Here's a "Growin' Yer Own" tip. 
Every time you seed a Jap you are throwing away hundreds of "free" jalapenos! Save the seeds and air dry them for about two weeks. You can start drying them on a paper towel and then just put them on a sheet of paper or a paper plate.Then place them in an ordinary mailing envelope marked with the contents. Vacuum seal or store in a cool DRY place. Each seed is at least twenty Japs or more.
The same goes for all peppers and even the high priced Holland colored peppers.
A lot of grocery store varieties are hybrids which do not fare well in planting. The BEST place to hunt for varieties you want are at farmer's markets. Especially ORGANIC farmer's markets. They are all open pollenated varieties and guaranteed to make you happy. You pay a bit more to start but you get your own perpetual seed supply too! 
Then of course there are cucumbers, tomatoes, squashes, pumpkins, you get the message?
Happy growing!
Monty


----------



## monty (Dec 6, 2005)

Well, it seems that interest in this type of thread is less than overwhelming so I guess we'll just let it die. Thanks to those of you who supported it. If anyone has a question about growing herbs or other flavorful items pop me a PM.
Monty


----------



## larry maddock (Dec 7, 2005)

yo monty dude,
maybe everybody doesn't see the hand in hand
smoking accesories, that home grown veggies make.

in my opinion, every one could benefit  from a
little gardening project.

along with making home made sausage,
i have fun with my container gardening.
not to mention---good eats.

maybe big boss Jeff-- and boss Jeff  [2 different  people]
have been busy and haven't noticed the interest.

i will say that a "growing your own"  for veggies thread is drifting a tiny bit
 away from  a MEAT eaters forum.

so i guess theres 2 ways to look at this possible subject.

I LUV THIS PLACE!!!


----------



## dacdots (Dec 8, 2005)

SRMONTY,lets not give up on this thing.Since its not the best time of year to grow things it might get a little slow.Spring is just around the corner,I can feel it in my bones.In the mean time just keep looking in those seed catalogues and planning for the spring planting.


----------



## bwsmith_2000 (Dec 8, 2005)

I agree Monty.

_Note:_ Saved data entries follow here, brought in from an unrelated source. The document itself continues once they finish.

(* Let $M$ be a nonzero $\mathscr{D}(R,V)$-module such that $\pi M = (0)$. Then $\mathrm{Ann}_R(M) = \pi R$.
   Context: Let $(V, \pi V, k)$ be a DVR of mixed characteristic $(0,p)$ (i.e. $V$ has characteristic zero, maximal ideal generated by $\pi$, and residue field $k$ of characteristic $p>0$), and let $R$ be either $V[[x_1, \ldots, x_n]]$ or $V[x_1, \ldots, x_n]$ for some $n \geq 0$. $\mathscr{D}(R,V)$ denotes the ring of $V$-linear differential operators on $R$, and $\mathscr{D}(R,V)$-modules are left modules over it. *)

From HB Require Import structures.
From mathcomp Require Import all_boot all_order all_algebra.
From mathcomp Require Import mpoly.
Set Implicit Arguments. Unset Strict Implicit. Unset Printing Implicit Defensive.
Import Order.TTheory GRing.Theory Num.Theory.
Local Open Scope ring_scope.

Definition is_DVR_with_uniformizer (V : idomainType) (pi : V) : Prop :=
  [/\ pi != 0, pi \isn't a GRing.unit &
      forall v : V, v != 0 ->
        exists (u : V) (k : nat), u \is a GRing.unit /\ v = u * pi ^+ k].

Definition char_zero (V : idomainType) : Prop := [pchar V] =i pred0.

(* residue field k = V / pi V has characteristic p *)
Definition residue_char (V : idomainType) (pi : V) (p : nat) : Prop :=
  prime p /\ exists w : V, p%:R = pi * w.

Definition pseries (n : nat) (V : Type) := 'X_{1..n} -> V.

Section PowerSeries.
Variables (V : comRingType) (n : nat).
Implicit Types f g : pseries n V.

Definition ps_add f g : pseries n V := fun m => f m + g m.
Definition ps_opp f : pseries n V := fun m => - f m.
Definition ps_zero : pseries n V := fun _ => 0.
Definition ps_mul f g : pseries n V := fun m =>
  \sum_(a : 'X_{1..n < (mdeg m).+1} | (lem (a : 'X_{1..n}) m))
     f a * g (m - a)%MM.
Definition ps_const (c : V) : pseries n V :=
  fun m => if m == 0%MM then c else 0.
Definition ps_scale (c : V) f : pseries n V := fun m => c * f m.
End PowerSeries.

Section DiffOps.
Variables (V : comRingType) (R : Type).
Variables (add : R -> R -> R) (opp : R -> R) (mul : R -> R -> R)
          (scale : V -> R -> R).

Definition V_linear (d : R -> R) : Prop :=
  (forall f g, d (add f g) = add (d f) (d g)) /\
  (forall c f, d (scale c f) = scale c (d f)).

Definition commutator (d : R -> R) (r : R) : R -> R :=
  fun f => add (d (mul r f)) (opp (mul r (d f))).

Fixpoint diffop_of_order (k : nat) (d : R -> R) : Prop :=
  match k with
  | 0 => V_linear d /\ (forall r f, d (mul r f) = mul r (d f))
  | k'.+1 => V_linear d /\ (forall r, diffop_of_order k' (commutator d r))
  end.

Definition is_diffop (d : R -> R) : Prop := exists k, diffop_of_order k d.

Definition is_DModule (M : zmodType) (act : (R -> R) -> M -> M) : Prop :=
  [/\ forall d, is_diffop d -> forall x y, act d (x + y) = act d x + act d y,
      forall d e, is_diffop d -> is_diffop e ->
        forall x, act (fun f => add (d f) (e f)) x = act d x + act e x,
      forall d e, is_diffop d -> is_diffop e ->
        forall x, act (d \o e) x = act d (act e x) &
      forall x, act id x = x].

Definition Ann_eq_piR (M : zmodType) (act : (R -> R) -> M -> M) (pi : R)
  : Prop :=
  forall r : R, (forall x : M, act (mul r) x = 0) <-> exists s : R, r = mul pi s.

End DiffOps.

From HB Require Import structures.
From mathcomp Require Import all_boot all_order all_algebra.
From mathcomp Require Import mpoly.
From mathcomp Require Import boolp zify.
Import Order.TTheory GRing.Theory Num.Theory.
Local Open Scope ring_scope.
Set Implicit Arguments. Unset Strict Implicit. Unset Printing Implicit Defensive.

(* Ann_R(M) is an ideal of R containing pi. It is also stable under every
   Hasse-Schmidt family (H_k) of V-linear maps: H_k is a differential operator
   of order k, and the Leibniz rule writes H_k (r f) as (H_k r) f plus terms
   (H_j r) H_(k-j) f with j < k, so by induction H_k r kills M when r does.
   Now let r be in Ann_R(M) but not in pi R, so that some coefficient r_al is a
   unit, and take al of maximal degree among them. The Hasse derivative
   c := d^[al] r has constant term r_al, and its coefficient at m != 0 is a
   binomial multiple of r_(m+al), a non-unit of the DVR V, hence a multiple of
   pi. For polynomials this gives c = r_al + pi g, so the unit r_al lies in
   Ann_R(M); for power series c is already a unit.
   Either way 1 kills M, so M = 0. *)

Section MultiIndexHasse.
Variables (n : nat) (T : Type) (Hi : 'I_n -> nat -> T -> T).

Definition hasse_multi (al : 'X_{1..n}) (p : T) : T :=
  foldr (fun i q => Hi i (al i) q) p (index_enum 'I_n).

Variables (V : pzRingType) (coef : T -> 'X_{1..n} -> V).
Hypothesis coef_Hi : forall i k p m,
  coef (Hi i k p) m = 'C(m i + k, k)%:R * coef p (m + U_(i) *+ k)%MM.

Lemma coef_hasse_multi al p m :
  coef (hasse_multi al p) m =
  (\prod_i 'C(m i + al i, al i))%:R * coef p (m + al)%MM.
Proof.
suff coef_foldr s m' : uniq s ->
    coef (foldr (fun i q => Hi i (al i) q) p s) m' =
    (\prod_(i <- s) 'C(m' i + al i, al i))%:R *
      coef p (m' + \sum_(i <- s) U_(i) *+ al i)%MM.
  rewrite /hasse_multi coef_foldr ?index_enum_uniq //.
  by congr (_ * coef p (m + _)); rewrite [RHS]multinomUE_id.
elim: s m' => [|i s IH] m' /=; first by rewrite !big_nil mul1r addm0.
case/andP=> i_s s_uniq; rewrite coef_Hi IH // !big_cons natrM -mulrA addmA.
congr (_ * (_%:R * _)); apply: eq_big_seq => j j_s.
rewrite mnmDE mulmnE mnm1E; case: eqP => [ij|]; last by rewrite mul0n addn0.
by rewrite ij j_s in i_s.
Qed.

Lemma coef0_hasse_multi al p : coef (hasse_multi al p) 0%MM = coef p al.
Proof.
rewrite coef_hasse_multi add0m big1 ?mul1r // => i _.
by rewrite mnm0E add0n binn.
Qed.

End MultiIndexHasse.
(* The amplitude with which one round maps ub k back to itself: zero for
   unbalanced blocks and a cube root of unity for balanced ones. *)
Definition block_amp (b0 b1 b2 b3 : bool) : C :=
  if (b0 + b1 + b2 + b3 == 2)%N then
    (if b0 == b1 then 1 else if b0 == b2 then omega else -1 - omega) else 0.

Definition block_amplitude x (k : 'I_l) : C :=
  block_amp (x (blk k (inord 0))) (x (blk k (inord 1)))
            (x (blk k (inord 2))) (x (blk k (inord 3))).

Lemma block_amplitude_norm x (k : 'I_l) :
  `|block_amplitude x k| ^+ 2 = (\sum_(j < 4) x (blk k j) == 2)%N%:R.
Proof.
rewrite normCK sum4 /block_amplitude /block_amp.
by case: (x _); case: (x _); case: (x _); case: (x _);
  rewrite /= ?mul0r ?rmorph0 ?mulr0 ?rmorph1 ?mulr1 ?omega_unit ?omega2_unit.
Qed.

Lemma block_norms (k : 'I_l) :
  [/\ inner (hv3 k) (hv3 k) = 1, inner (hv2 k) (hv2 k) = 1 &
      inner (fun s => ub k s - ket (junk k) s) (fun s => ub k s - ket (junk k) s) = 2].
Proof.
split.
- by rewrite inner_hv3 sum4 !hv3_ptb /chi3 /sgnb !inordK //=; field.
- by rewrite inner_hv2 sum4 !hv2_ptb /chi2 /sgnb !inordK //=; field.
rewrite inner_subl inner_ub inner_ket sum4 !ub_ptb ?ket_ptb //.
by rewrite /ub blockvec_junk /ket eqxx (_ : true%:R = 1 :> C) //; field.
Qed.

Lemma oracle_ptb x f (k : 'I_l) (j : 'I_4) :
  oracle x f (ptb k j) = sgnb (x (blk k j)) * f (ptb k j).
Proof. by rewrite /oracle /xbit /= liftK. Qed.

Definition block_out x (k : 'I_l) : qst :=
  oracle x (apply_op (block_op k) (oracle x (ub k))).

Lemma block_round x (k : 'I_l) : inner (ub k) (block_out x k) = block_amplitude x k.
Proof.
have [n3 n2 nd] := block_norms k.
set d : qst := fun s => ub k s - ket (junk k) s.
set y0 := oracle x (ub k).
set y1 := apply_op (phase (hv3 k) (-1 - omega)) y0.
set y2 := apply_op (phase (hv2 k) omega) y1.
set y3 := apply_op (reflection d) y2.
have -> : inner (ub k) (block_out x k) = inner (ub k) (oracle x y3).
  by apply: inner_ext => s; rewrite /block_out /oracle apply_qmul (apply_ext _ (apply_qmul _ _ _)).
have e1 s : y1 s = y0 s + (-1 - omega - 1) * inner (hv3 k) y0 * hv3 k s.
  by rewrite /y1 apply_phase n3 divr1.
have e2 s : y2 s = y1 s + (omega - 1) * inner (hv2 k) y1 * hv2 k s.
  by rewrite /y2 apply_phase n2 divr1.
have y2_junk : y2 (junk k) = 0.
  by rewrite e2 e1 /y0 /oracle /hv2 /hv3 /ub !blockvec_junk !mulr0 !addr0.
have e3 s : y3 s = y2 s - inner (ub k) y2 * d s.
  rewrite /y3 apply_phase nd /d inner_subl inner_ket y2_junk subr0.
  by rewrite (_ : (-1 - 1) / 2 = -1 :> C) ?mulN1r ?mulNr //; field.
rewrite inner_ub sum4 !oracle_ptb !e3 /d !ub_ptb ?ket_ptb // inner_ub sum4 !e2.
rewrite inner_hv2 sum4 !e1 inner_hv3 sum4 !hv2_ptb !hv3_ptb /y0 !oracle_ptb !ub_ptb.
rewrite /chi2 /chi3 !inordK // /block_amplitude /block_amp.
by case: (x _); case: (x _); case: (x _); case: (x _); rewrite /sgnb /=; field.
Qed.

(* Where discarded amplitude sits once blocks 0 .. k-1 have been tested:
   the query positions of those blocks and the junk labels 1 .. k. *)
Definition garbage k s : bool :=
  ~~ s.2 && (((s.1.2 == ord0) && (if pos s is Some i then (i %/ 4 < k)%N else false))
             || ((s.1.1 == ord0) && (0 < s.1.2 <= k)%N)).

Definition active k s : bool := inblk k s || (s == junk k).

Lemma garbage_active k s : (k < l)%N -> garbage k s -> active k s = false.
Proof.
move=> hk; rewrite /garbage /active /inblk.
case: s => [[i1 lab] b] /=; case: b => //=.
case: (unliftP ord0 i1) => [i ->|->] /=.
  rewrite /pos /= liftK orbF => /andP [hl h].
  case: (@eqP _ (lift ord0 i, lab, false) (junk k)) => [[e _]|_].
    by move: e; rewrite /bump leq0n.
  rewrite orbF andbC; apply/negbTE; rewrite negb_and; apply/orP; left; apply/eqP; lia.
rewrite /pos /= unlift_none !andbF /= => /andP [h1 h2].
apply/negbTE; apply/eqP => [[e]].
by have := congr1 val e; rewrite /= inordK; lia.
Qed.

Lemma active_garbage k s : (k < l)%N -> active k s -> garbage k.+1 s.
Proof.
move=> hk; rewrite /active /garbage.
case/orP => [|/eqP ->]; last by rewrite /= inordK ?ltnS // leqnn /= orbT.
rewrite /inblk; case/andP => [/andP [-> ->]] /=.
by case: (pos s) => // i /eqP ->; rewrite leqnn.
Qed.

Lemma garbage_S k s : garbage k s -> garbage k.+1 s.
Proof.
rewrite /garbage; case/andP => -> /= /orP [/andP [-> h]|/andP [-> /andP [h1 h2]]].
  by case: (pos s) h => // i h; rewrite ltnS ltnW.
by rewrite h1 (leq_trans h2) ?orbT.
Qed.

Lemma garbage_out k s : garbage k s -> s.2 = false.
Proof. by case/andP => /negbTE. Qed.

Lemma blockvec_supported k c : supported (active k) (blockvec k c).
Proof. by move=> s; rewrite /active negb_or => /andP [h _]; rewrite /blockvec (negbTE h). Qed.

Lemma ub_supported k : supported (active k) (ub k).
Proof. exact: blockvec_supported. Qed.

Lemma ket_junk_supported k : supported (active k) (ket (junk k) : qst).
Proof. by move=> s; rewrite /active negb_or => /andP [_ h]; rewrite /ket (negbTE h). Qed.

Lemma level_S k : (k < l)%N -> level k.+1 = ub k.
Proof. by move=> hk; rewrite /level /= hk. Qed.

Lemma level_SS_garbage k s : garbage k.+1 s -> level k.+2 s = 0.
Proof.
rewrite /level /=; case: ifP => hk; last first.
  by move=> /garbage_out; rewrite /ket; case: eqP => // ->.
rewrite /ub /blockvec /inblk /garbage; case: ifP => // /andP [/andP [_ h0] hp].
case/andP => _ /orP [/andP [_ h]|/and3P [_ h1 _]].
  by case: (pos s) hp h => // i /eqP ->; rewrite ltnn.
by rewrite (eqP h0) in h1.
Qed.

Lemma level_SS_active k s : (k < l)%N -> active k s -> level k.+2 s = 0.
Proof. by move=> hk /(active_garbage hk) /level_SS_garbage. Qed.

Lemma inner_level_SS k : inner (level k.+2) (level k.+2) = 1.
Proof.
rewrite /level /=; case: ifP => hk; last by rewrite inner_ket /ket eqxx.
by have -> : ub k.+1 = ub (Ordinal hk) by []; exact: inner_ub_self.
Qed.

Lemma block_op_supported k f :
  supported (active k) f -> supported (active k) (apply_op (block_op k) f).
Proof.
move=> hf.
have walsh : supported (active k)
    (apply_op (qmul (phase (hv2 k) omega) (phase (hv3 k) (-1 - omega))) f).
  move=> s hs; rewrite apply_qmul; move: s hs.
  apply: (phase_supported (P := active k)); first exact: blockvec_supported.
  by apply: (phase_supported (P := active k)); first exact: blockvec_supported.
move=> s hs; rewrite apply_qmul; move: s hs.
apply: (phase_supported (P := active k)) => // t ht.
by rewrite ub_supported // ket_junk_supported // subr0.
Qed.

Lemma block_op_disj k g : (forall s, active k s -> g s = 0) ->
  apply_op (block_op k) g =1 g.
Proof.
move=> hg.
have disj (v : qst) : supported (active k) v -> forall s, v s = 0 \/ g s = 0.
  by move=> hv; exact: supported_disj hv hg.
have ub_junk : supported (active k) (fun s => ub k s - ket (junk k) s).
  by move=> s hs; rewrite ub_supported // ket_junk_supported // subr0.
have walsh : apply_op (qmul (phase (hv2 k) omega) (phase (hv3 k) (-1 - omega))) g =1 g.
  move=> s; rewrite apply_qmul (apply_ext _ (g := g)); last first.
    by apply: apply_phase_disj; apply: disj; exact: blockvec_supported.
  by apply: apply_phase_disj; apply: disj; exact: blockvec_supported.
move=> s; rewrite apply_qmul (apply_ext _ walsh).
exact/apply_phase_disj/disj.
Qed.

Lemma block_out_supported x (k : 'I_l) : supported (active k) (block_out x k).
Proof.
apply: oracle_supported; apply: block_op_supported.
by apply: oracle_supported; exact: ub_supported.
Qed.

(* A round "query, block_op k, query" maps a * ub k + J to a * block_out + J
   when J is garbage: the garbage is outside the active region of block k. *)
Lemma round_apply x (k : 'I_l) (a : C) J f :
  supported (garbage k) J -> f =1 (fun s => a * ub k s + J s) ->
  oracle x (apply_op (block_op k) (oracle x f)) =1
  (fun s => a * block_out x k s + J s).
Proof.
move=> hJ hf.
have oJ_active s : active k s -> oracle x J s = 0.
  move=> hs; apply: oracle_supported hJ _ _.
  by apply: contraL hs => /(garbage_active (ltn_ord k)) ->.
have E1 : oracle x f =1 (fun s => a * oracle x (ub k) s + oracle x J s).
  by move=> s; rewrite /oracle hf; ring.
have E2 : apply_op (block_op k) (oracle x f) =1
    (fun s => a * apply_op (block_op k) (oracle x (ub k)) s + oracle x J s).
  by move=> s; rewrite (apply_ext _ E1) apply_lin (block_op_disj oJ_active).
move=> s; have := E2 s; rewrite /block_out /oracle => ->.
by case: (xbit _ _); ring.
Qed.

Lemma transfer_apply (k : 'I_l) (a : C) phi J :
  supported (active k) phi -> supported (garbage k) J ->
  apply_op (transfer k.+1) (fun s => a * phi s + J s) =1
  (fun s => a * inner (ub k) phi * level k.+2 s
            + (a * (phi s - inner (ub k) phi * ub k s) + J s)).
Proof.
move=> hphi hJ s; have hk := ltn_ord k.
rewrite apply_lin /transfer (level_S hk).
have lev_active t : active k t -> level k.+2 t = 0 by exact: level_SS_active.
rewrite [X in _ + X]apply_phase_disj; last first.
  move=> t; case hg: (garbage k t); last by right; apply: hJ; rewrite hg.
  left; have hR : active k t = false by exact: garbage_active.
  by rewrite ub_supported ?hR // level_SS_garbage ?subr0 //; exact: garbage_S.
have ub_lev : inner (ub k) (level k.+2) = 0.
  by apply: inner_disj; exact: supported_disj (@ub_supported k) lev_active.
have lev_ub : inner (level k.+2) (ub k) = 0.
  apply: inner_disj => t; have := supported_disj (@ub_supported k) lev_active t.
  by case; [right | left].
have lev_phi : inner (level k.+2) phi = 0.
  apply: inner_disj => t; have := supported_disj hphi lev_active t.
  by case; [right | left].
rewrite apply_phase !inner_subl !inner_subr inner_ub_self inner_level_SS ub_lev lev_ub lev_phi.
by field.
Qed.

Lemma run_round x (k : 'I_l) (a : C) J f :
  supported (garbage k) J -> f =1 (fun s => a * ub k s + J s) ->
  exists J', supported (garbage k.+1) J' /\
  apply_op (transfer k.+1) (oracle x (apply_op (block_op k) (oracle x f))) =1
  (fun s => a * block_amplitude x k * level k.+2 s + J' s).
Proof.
move=> hJ hf; have hk := ltn_ord k.
exists (fun s => a * (block_out x k s - block_amplitude x k * ub k s) + J s); split.
  move=> s hs.
  have hs' : ~~ garbage k s by apply: contra hs; exact: garbage_S.
  have hR : ~~ active k s by apply: contra hs; exact: active_garbage.
  by rewrite hJ // ub_supported // block_out_supported // mulr0 subr0 mulr0 addr0.
move=> s; rewrite (apply_ext _ (round_apply x hJ hf)) transfer_apply ?block_round //.
exact: block_out_supported.
Qed.

Lemma run_start x : (0 < l)%N -> run alg_op 0 x =1 ub 0.
Proof.
move=> hl s /=; rewrite (_ : alg_op 0 = transfer 0) // /transfer (level_S hl).
have -> : ub 0 = ub (Ordinal hl) by [].
have hstart : @init_state C (4 * l) l =1 ket pstart by [].
have ub_start : ub (Ordinal hl) pstart = 0.
  by rewrite /ub /blockvec /inblk /pos /= unlift_none ?andbF.
have -> : level 0 = ket pstart by [].
rewrite (apply_ext _ hstart) reflection_swap ?inner_ket ?inner_ub_self ?ub_start //.
by rewrite inner_ub sum4 ?ket_ptb // !addr0 mulr0.
Qed.

Lemma prod_amplitude_S x (k : 'I_l) :
  \prod_(b < l | (b < k.+1)%N) block_amplitude x b =
  (\prod_(b < l | (b < k)%N) block_amplitude x b) * block_amplitude x k.
Proof.
rewrite (bigD1 k) //= mulrC; congr (_ * _); apply: eq_bigl => b.
by rewrite ltnS andbC -(inj_eq val_inj) ltn_neqAle.
Qed.

(* Invariant: after k rounds (2k queries) the state is the product of the
   first k block amplitudes times level (k+1), plus garbage. *)
Lemma run_invariant x k : (0 < l)%N -> (k <= l)%N ->
  exists J, supported (garbage k) J /\
  run alg_op k.*2 x =1
  (fun s => (\prod_(b < l | (b < k)%N) block_amplitude x b) * level k.+1 s + J s).
Proof.
move=> hl; elim: k => [|k IH] hk.
  exists (fun _ => 0); split => // s.
  by rewrite big_pred0 // mul1r addr0 (level_S hl) run_start.
have [J [hJ hrun]] := IH (ltnW hk).
rewrite (level_S hk) in hrun.
have [J' [hJ' hround]] := run_round x (k := Ordinal hk) hJ hrun.
exists J'; split => // s.
rewrite doubleS /= alg_op_odd -doubleS alg_op_even hround.
by rewrite (prod_amplitude_S x (Ordinal hk)).
Qed.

I just recieved my Tam Jap seeds from Henry Field's. I'm ready for Spring and getting them into some dirt .... along with several other things. 

Fl. Bill


----------



## soflaquer (Dec 8, 2005)

Monty,

Sorry to have overlooked the interest in a Gardening Forum page.  I too, grow a vegetable and pepper garden each spring!  Seems as though there is enough people interested, so I will get with TulsaJeff and see if we can get the Ball rollin'!

Jeff


----------



## monty (Dec 8, 2005)

Thanks, Jeff! Growing things like peppers, herbs, etc goes hand in hand with what we do best. And the extra kick and pizzazz your own veggies and herbs give really adds to the satisfaction of our hobby! Just need a spot, a little spot to swap ideas and vie for braggin' rights!
Cheers!
Monty


----------



## soflaquer (Dec 9, 2005)

Your welcome!  If you look into the Forum topics you will now find "Home Gardening"!!!!  (Trumpet Fanfare!)

Jeff and I need you guys to post on it what catagories you would like to see included on it.  This is Everyones Forum, so we have tried to make it fit your needs.

ENJOY!!!

Jeff (SoFlaQuer)


----------



## smoking falcon (Jan 25, 2006)

This topic has me intrigued.... Growing peppers and using urine as a fertilizer. So I've got a couple questions now.

1. Is it really necessary to buy one of those pepper racks for $15 or is there an alternative method that you guys use.

2. After a day of smoking in ones backyard, does it make it acceptable to take a pee break in the garden patch?

3. When homegrowing inside (or on a balcony etc...) is there anything special that I would need to know to produce a couple plants in a 5 gal. bucket?

Thanks all...

Dennis


----------



## monty (Jan 25, 2006)

Hey, Dennis. Hop on over to the Extreme Home Gardening forum, our sister site, via the link on the main page and post your questions there. This topic led to the creation of a whole new site and it is in the same style and format as this one. You will find a special section for peppers and a special section for container frowing as well as for soil amendments.
Cheers!
Monty


----------



## smoking falcon (Jan 26, 2006)

Thanks, I didn't even know that such a site existed. You're all so full of such great ideas!


----------



## corvette (Feb 11, 2006)

I too agree with all of you about growin your own, I started last years but dry weather didn't help much so the turn out was small this years install better water system and another thing about saving your urine I did look it up sure enough prove me wrong I would think it would kill it, wife think I was nut told her to look it up and she did so now she ok with it. We used lot of bell peper for our BBQ sauce along with other herbs the price of bell pepper is $1.00 each. So I be looking for more about this.
                        vette


----------



## monty (Feb 11, 2006)

Hey, Vette, Welcome to the forum! Have not had much time here lately and from reading your posts I can see you will be a great asset to our family here! If you want some real good pointers on peppers and gardening in general pop on over to our sister site and get thee registered. Then read on and post any questions. Use the wormhole supplied and hop on over!
Again welcome and enjoy!
Monty


----------



## corvette (Feb 12, 2006)

Monty,
   I think I will head down there next and start going down the line, and glad to be here to learn from this site I'm sure there lots of good advice here, only been a meats smokin for years now time to learn more about growin, what best and what not. and Thank 
               vette


----------